Sixteen genes from our sample (<5%) had alternative splicing variants found by preliminary analysis described explicitly, or at least mentioned in GenBank annotations (Gelfand et al. 1996; Sze and Pevzner 1997). In four cases no alternatives were constructed, in four cases the predicted set of alternative structures coincided with the GenBank annotation, and in eight cases additional splicing variants were found. The latter group is described in Table 4.

Table 4.

Known Alternatively Spliced Genes with Additional Variants

Gene AC Known variants Additional variantsa




Presomatotropin V00520 alternative acceptor sites of exon 3 more alternative acceptor sites of exon 3; additional intron in 3′ UTR
Presomatotropin variant K00470 alternative acceptor sites of exon 3 more alternative acceptor sites of exon 3; additional intron in 3′ UTR
Pulmonary surfactant protein C J03890 alternative donor site of last exon exon 2 can be spliced out; additional intron in 3′ UTR (last exon)
High mobility group protein L17131 alternative first exons more alternative splicing variants in 5′ UTR
Fragile X mental retardation syndrome protein L29074 alternative acceptor sites of exons 15 and 17 exon 12 can be spliced out
Serum albumin M12523 alternative last exon alternative acceptor site in 3′ UTR (one of the variant last exons)
Nonmuscle/smooth muscle myosin light chain M22919 exon 3 can be spliced out; alternative last exon additional intron in 3′ UTR (one of the variant last exons)
Sex hormone-binding globulin M31652 alternative first exons exon 7 can be spliced out
a

(UTR) untranslated region. 

In particular, we have observed three alternative acceptor sites of exon 3 of somatotropin and somatotropin variant genes. The sequences of these two genes are very close. Two variants of this site were annotated for each gene and we have observed only one of them (Fig. 1). The last exon of both these genes has an alternative intron in the 3′-untranslated region. Pulmonary surfactant protein C gene has an alternative donor site of the last exon. In addition, its exon 2 can be spliced out (its length, 159 nucleotides, is a multiple of 3), and there is an alternative intron with alternative donor sites in the 3′-untranslated region (Fig. 2). In the fragile X mental retardation syndrome gene, in addition to known variants generated by alternative acceptor sites of exons 15 and 17, exon 12 can be spliced out. In the sex hormone-binding globulin known variants are generated by alternative first exons; newly discovered alternative splicing is the result of splicing out of exon 7. Other new variants of genes with known alternative splicing result from alternative splicing of untranslated regions (Table 4).

Figure 1.

Figure 1

Alternative acceptor sites of exon 3 of somatotropin and somatotropin variants. (V) Presomatotropin (V00520); (K) presomatotropin variant (K00470); (A) EST contig (THC207918); (B) EST contig (THC195752); (C) EST contig (THC195753). (<, >) annotated and observed sites (resp. donor and acceptor); (]) annotated but not observed acceptor sites; [)] observed but not annotated acceptor sites; (uppercase letters) mismatching nucleotides; (===) intron shadows.

Figure 2.

Figure 2

Alternative splicing of pulmonary surfactant protein C gene. (J) Genomic sequence (J03890); (A, B, C, D) EST contigs (THC211006, THC211005, THC173453, and THC173454, respectively); (E) EST(N75529). (<, >) known sites (donor and accceptor, respectively); [(] new sites; other notation as in Fig. 1.

DISCUSSION

Relatively few genes have been investigated for alternative splice forms, and it has been difficult to estimate the extent and trends of alternative splicing in human genes. We have presented a quantitative study of the prevalence of alternative splicing across many gene families. The results on any one gene may be incomplete and will require verification, yet the overall trends are significant. The results suggest that at least one-third of human genes are alternatively spliced. In particular, we have observed frequent alternative splicing in untranslated regions, specifically in the 5′ UTR. The alternative splicing at the 5′ end coupled to different starting points of transcription is probably a mechanism that allows the cell to use several differently regulated promoters for the same gene. The majority of alternative splicing events within the coding regions produces additional protein domains rather than alternating domains.

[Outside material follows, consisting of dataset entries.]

(* Let $\mathcal{V}$ be a proper variety of groups (for example, the variety of abelian groups), and let $F:{\sf Gr}\to{\sf Gr}$ be a functor on the category of groups together with a natural transformation $\varepsilon:F\to\mathrm{Id}_{\sf Gr}$, such that $F(G)\in\mathcal{V}$ for every group $G$. Then $\varepsilon$ is trivial, i.e. $\varepsilon_G:F(G)\to G$ is the trivial homomorphism for every group $G$.
   Context: A variety of groups is the class of all groups satisfying a fixed system of identities (equivalently, a full subcategory closed under small products, homomorphic images and subgroups); it is proper if it is not the class of all groups. *)

Set Implicit Arguments.

Record Group := {
  carrier :> Type;
  gmul : carrier -> carrier -> carrier;
  ginv : carrier -> carrier;
  gone : carrier;
  gmul_assoc : forall x y z, gmul x (gmul y z) = gmul (gmul x y) z;
  gmul_1l : forall x, gmul gone x = x;
  gmul_1r : forall x, gmul x gone = x;
  gmul_Vl : forall x, gmul (ginv x) x = gone;
  gmul_Vr : forall x, gmul x (ginv x) = gone
}.

Record Hom (G H : Group) := {
  hfun :> G -> H;
  hfun_mul : forall x y, hfun (gmul G x y) = gmul H (hfun x) (hfun y)
}.

Definition id_hom (G : Group) : Hom G G :=
  {| hfun := fun x => x; hfun_mul := fun x y => eq_refl |}.

Definition comp_hom (G H K : Group) (g : Hom H K) (f : Hom G H) : Hom G K.
Proof.
  refine {| hfun := fun x => g (f x) |}.
  intros x y; rewrite (hfun_mul f), (hfun_mul g); reflexivity.
Defined.

Inductive word :=
| wvar : nat -> word
| wone : word
| wmul : word -> word -> word
| winv : word -> word.

Fixpoint weval (G : Group) (v : nat -> G) (w : word) : G :=
  match w with
  | wvar n => v n
  | wone => gone G
  | wmul a b => gmul G (weval G v a) (weval G v b)
  | winv a => ginv G (weval G v a)
  end.

Definition satisfies (G : Group) (w : word) : Prop :=
  forall v : nat -> G, weval G v w = gone G.

(* A variety is given by a system of laws (identities w = 1). *)
Definition variety := word -> Prop.

Definition in_variety (V : variety) (G : Group) : Prop :=
  forall w, V w -> satisfies G w.

Definition proper_variety (V : variety) : Prop :=
  exists G : Group, ~ in_variety V G.

(* Endofunctor of Gr (morphism equality is pointwise, i.e. equality of
   underlying maps). *)
Record Functor := {
  fobj :> Group -> Group;
  fmap : forall G H : Group, Hom G H -> Hom (fobj G) (fobj H);
  fmap_id : forall G (x : fobj G), fmap (id_hom G) x = x;
  fmap_comp : forall G H K (g : Hom H K) (f : Hom G H) (x : fobj G),
      fmap (comp_hom g f) x = fmap g (fmap f x)
}.

Record NatToId (F : Functor) := {
  eps :> forall G : Group, Hom (F G) G;
  eps_natural : forall G H (f : Hom G H) (x : F G),
      eps H (fmap F f x) = f (eps G x)
}.

(* If eps_G(x) = g <> 1 for some group G, embed G into the unrestricted
   wreath product K = W wr G of an arbitrary group W.  The image of eps_K is
   a normal subgroup containing the image of g, hence it contains every
   commutator [b, g] with b in the base W^G; evaluating such commutators at
   the identity of G produces every element of W.  Laws of V hold in F(K),
   hence on the elements of the image of eps_K, hence in the base group on
   the chosen commutators, and finally in W.  So every group lies in V. *)

From Stdlib Require Import Classical ClassicalEpsilon FunctionalExtensionality.

Declare Scope group_scope.
Local Open Scope group_scope.
Local Infix "*" := (gmul _) : group_scope.
Local Notation "x ^-1" := (ginv _ x) (at level 3, left associativity) : group_scope.
Local Notation "1" := (gone _) : group_scope.

Section GroupFacts.
Variable G : Group.

Lemma gmul_idem_eq1 (a : G) : a * a = a -> a = 1.
Proof.
  intros Haa.
  rewrite <- (gmul_1l G a), <- (gmul_Vl G a), <- gmul_assoc, Haa.
  reflexivity.
Qed.

Lemma ginv_unique (a b : G) : a * b = 1 -> b = a^-1.
Proof.
  intros Hab.
  rewrite <- (gmul_1l G b), <- (gmul_Vl G a), <- gmul_assoc, Hab, gmul_1r.
  reflexivity.
Qed.

Lemma ginv1 : (1 : G)^-1 = 1.
Proof. symmetry; apply ginv_unique, gmul_1l. Qed.

End GroupFacts.

Lemma hom1 (G H : Group) (f : Hom G H) : f 1 = 1.
Proof. apply gmul_idem_eq1; rewrite <- hfun_mul, gmul_1l; reflexivity. Qed.

Lemma homV (G H : Group) (f : Hom G H) (x : G) : f x^-1 = (f x)^-1.
Proof. apply ginv_unique; rewrite <- hfun_mul, gmul_Vr; apply hom1. Qed.

Lemma hom_weval (G H : Group) (f : Hom G H) (v : nat -> G) (w : word) :
  f (weval G v w) = weval H (fun i => f (v i)) w.
Proof.
  induction w as [n | | w1 IH1 w2 IH2 | w1 IH1]; simpl.
  - reflexivity.
  - apply hom1.
  - rewrite hfun_mul, IH1, IH2; reflexivity.
  - rewrite homV, IH1; reflexivity.
Qed.

Lemma weval_hom_satisfies {G H : Group} (f : Hom G H) (w : word) (v : nat -> G) :
  satisfies G w -> weval H (fun i => f (v i)) w = 1.
Proof. intros Hw; rewrite <- hom_weval, Hw; apply hom1. Qed.

Lemma weval_eq1_inj {G H : Group} (f : Hom G H) (w : word) (v : nat -> G) :
  (forall x y, f x = f y -> x = y) ->
  weval H (fun i => f (v i)) w = 1 -> weval G v w = 1.
Proof. intros f_inj Hw; apply f_inj; rewrite hom_weval, hom1; exact Hw. Qed.

Definition gcomm {G : Group} (x y : G) : G := x * y * x^-1 * y^-1.

Definition conj_hom {G : Group} (k : G) : Hom G G.
Proof.
  refine {| hfun := fun x : G => k * x * k^-1 |}.
  intros x y.
  rewrite <- !(gmul_assoc G); do 2 f_equal.
  rewrite !(gmul_assoc G), (gmul_Vl G), (gmul_1l G); reflexivity.
Defined.

Section EpsImage.
Variables (F : Functor) (e : NatToId F).

(* The image of [e K] is normal in [K] by naturality with respect to
   conjugations, hence closed under commutators with elements of [K]. *)
Definition eps_comm_preimage {K : Group} (k : K) (y : F K) : F K :=
  fmap F (conj_hom k) y * y^-1.

Lemma eps_comm_preimageE {K : Group} (k : K) (y : F K) :
  e K (eps_comm_preimage k y) = gcomm k (e K y).
Proof.
  unfold eps_comm_preimage.
  rewrite hfun_mul, homV, eps_natural; reflexivity.
Qed.

End EpsImage.

Definition fun_group (X : Type) (W : Group) : Group.
Proof.
  refine {| carrier := X -> W;
            gmul := fun a b x => a x * b x;
            ginv := fun a x => (a x)^-1;
            gone := fun _ => 1 |};
    intros; apply functional_extensionality; intros.
  - apply gmul_assoc.
  - apply gmul_1l.
  - apply gmul_1r.
  - apply gmul_Vl.
  - apply gmul_Vr.
Defined.

Definition eval_hom (X : Type) (W : Group) (x : X) : Hom (fun_group X W) W :=
  {| hfun := fun a : fun_group X W => a x; hfun_mul := fun a b => eq_refl |}.

Section Wreath.
Variables G W : Group.

Let B := fun_group G W.

Lemma wreath_ext (p q : B * G) :
  (forall h, fst p h = fst q h) -> snd p = snd q -> p = q.
Proof.
  destruct p as [a g], q as [b h]; simpl; intros Hab Hgh.
  rewrite (functional_extensionality a b Hab), Hgh; reflexivity.
Qed.

(* Unrestricted wreath product: [G] acts on the base [W^G] by right
   translation, [(a, g) * (b, h) = (x |-> a x * b (x * g), g * h)]. *)
Definition wreath : Group.
Proof.
  refine {| carrier := (B * G)%type;
            gmul := fun p q =>
              (fun x => fst p x * fst q (x * snd p), snd p * snd q);
            ginv := fun p => (fun x => (fst p (x * (snd p)^-1))^-1, (snd p)^-1);
            gone := (fun _ => 1, 1) |};
    intros; apply wreath_ext; simpl; intros.
  - rewrite !gmul_assoc; reflexivity.
  - apply gmul_assoc.
  - rewrite gmul_1l, gmul_1r; reflexivity.
  - apply gmul_1l.
  - rewrite gmul_1r; reflexivity.
  - apply gmul_1r.
  - apply gmul_Vl.
  - apply gmul_Vl.
  - rewrite <- (gmul_assoc G), (gmul_Vr G), (gmul_1r G), (gmul_Vr W).
    reflexivity.
  - apply gmul_Vr.
Defined.

Definition wreath_top : Hom G wreath.
Proof.
  refine {| hfun := fun g : G => ((fun _ => 1), g) : wreath |}.
  intros g h; apply wreath_ext; simpl; intros.
  - rewrite gmul_1l; reflexivity.
  - reflexivity.
Defined.

Definition wreath_base : Hom B wreath.
Proof.
  refine {| hfun := fun b : B => (b, 1) : wreath |}.
  intros a b; apply wreath_ext; simpl; intros.
  - rewrite gmul_1r; reflexivity.
  - rewrite gmul_1l; reflexivity.
Defined.

Lemma wreath_base_inj (a b : B) : wreath_base a = wreath_base b -> a = b.
Proof. intros Hab; exact (f_equal fst Hab). Qed.

Lemma gcomm_wreath_base_top (b : B) (g : G) :
  gcomm (wreath_base b) (wreath_top g)
  = wreath_base (fun x => b x * (b (x * g))^-1).
Proof.
  apply wreath_ext; simpl; intros.
  - rewrite !ginv1, !gmul_1r, gmul_1l; reflexivity.
  - rewrite gmul_1l, ginv1, !gmul_1r; apply gmul_Vr.
Qed.

Definition delta (a : W) : B :=
  fun x => if excluded_middle_informative (x = 1) then a else 1.

Lemma delta1 (a : W) : delta a 1 = a.
Proof.
  unfold delta; destruct (excluded_middle_informative _) as [_ | n1];
    [reflexivity | now elim n1].
Qed.

Lemma delta_neq1 (a : W) (x : G) : x <> 1 -> delta a x = 1.
Proof.
  intros x_neq1; unfold delta.
  destruct (excluded_middle_informative _); [contradiction | reflexivity].
Qed.

End Wreath.

Lemma satisfies_of_eps_neq1 {F : Functor} (e : NatToId F) (G W : Group)
  (x : F G) (w : word) :
  e G x <> 1 -> satisfies (F (wreath G W)) w -> satisfies W w.
Proof.
  intros ex_neq1 FKw v.
  set (g := e G x) in *.
  set (y := fmap F (wreath_top G W) x).
  set (b := fun i (h : G) => delta G W (v i) h * (delta G W (v i) (h * g))^-1).
  set (z := fun i => eps_comm_preimage F (wreath_base G W (delta G W (v i))) y).
  assert (ez : forall i, e _ (z i) = wreath_base G W (b i)).
  { intros i; unfold z, y.
    rewrite eps_comm_preimageE, eps_natural; apply gcomm_wreath_base_top. }
  assert (b1 : forall i, b i 1 = v i).
  { intros i; unfold b.
    rewrite gmul_1l, delta1, delta_neq1, ginv1 by exact ex_neq1.
    apply gmul_1r. }
  assert (bw : weval (fun_group G W) b w = 1).
  { apply (weval_eq1_inj (wreath_base G W)); [apply wreath_base_inj |].
    rewrite <- (functional_extensionality _ _ ez).
    apply weval_hom_satisfies, FKw. }
  replace v with (fun i => eval_hom G W 1 (b i))
    by (apply functional_extensionality; exact b1).
  rewrite <- hom_weval, bw; reflexivity.
Qed.

Theorem corollary3p11 (V : variety) (HV : proper_variety V)
  (F : Functor) (e : NatToId F)
  (HF : forall G : Group, in_variety V (F G)) :
  forall (G : Group) (x : F G), e G x = gone G.
Proof.
  intros G x.
  destruct HV as [W W_notin_V].
  apply NNPP; intros ex_neq1; apply W_notin_V.
  intros w Vw.
  apply (satisfies_of_eps_neq1 e G W x w ex_neq1), HF, Vw.
Qed.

The problem of mapping ESTs to genomic sequences is addressed by several different programs, in particular EST_GENOME (Mott 1997) and SIM4 (Florea et al. 1998). The main difference between our approach and straightforward application of these and other tools is in the postprocessing step used to filter out unreliable EST hits. Moreover, the use of genomic data has allowed us to merge EST contigs in the situations where the EST overlaps alone provide insufficient evidence for contig construction. Indeed, 40% of superassemblies were produced by more than one contig.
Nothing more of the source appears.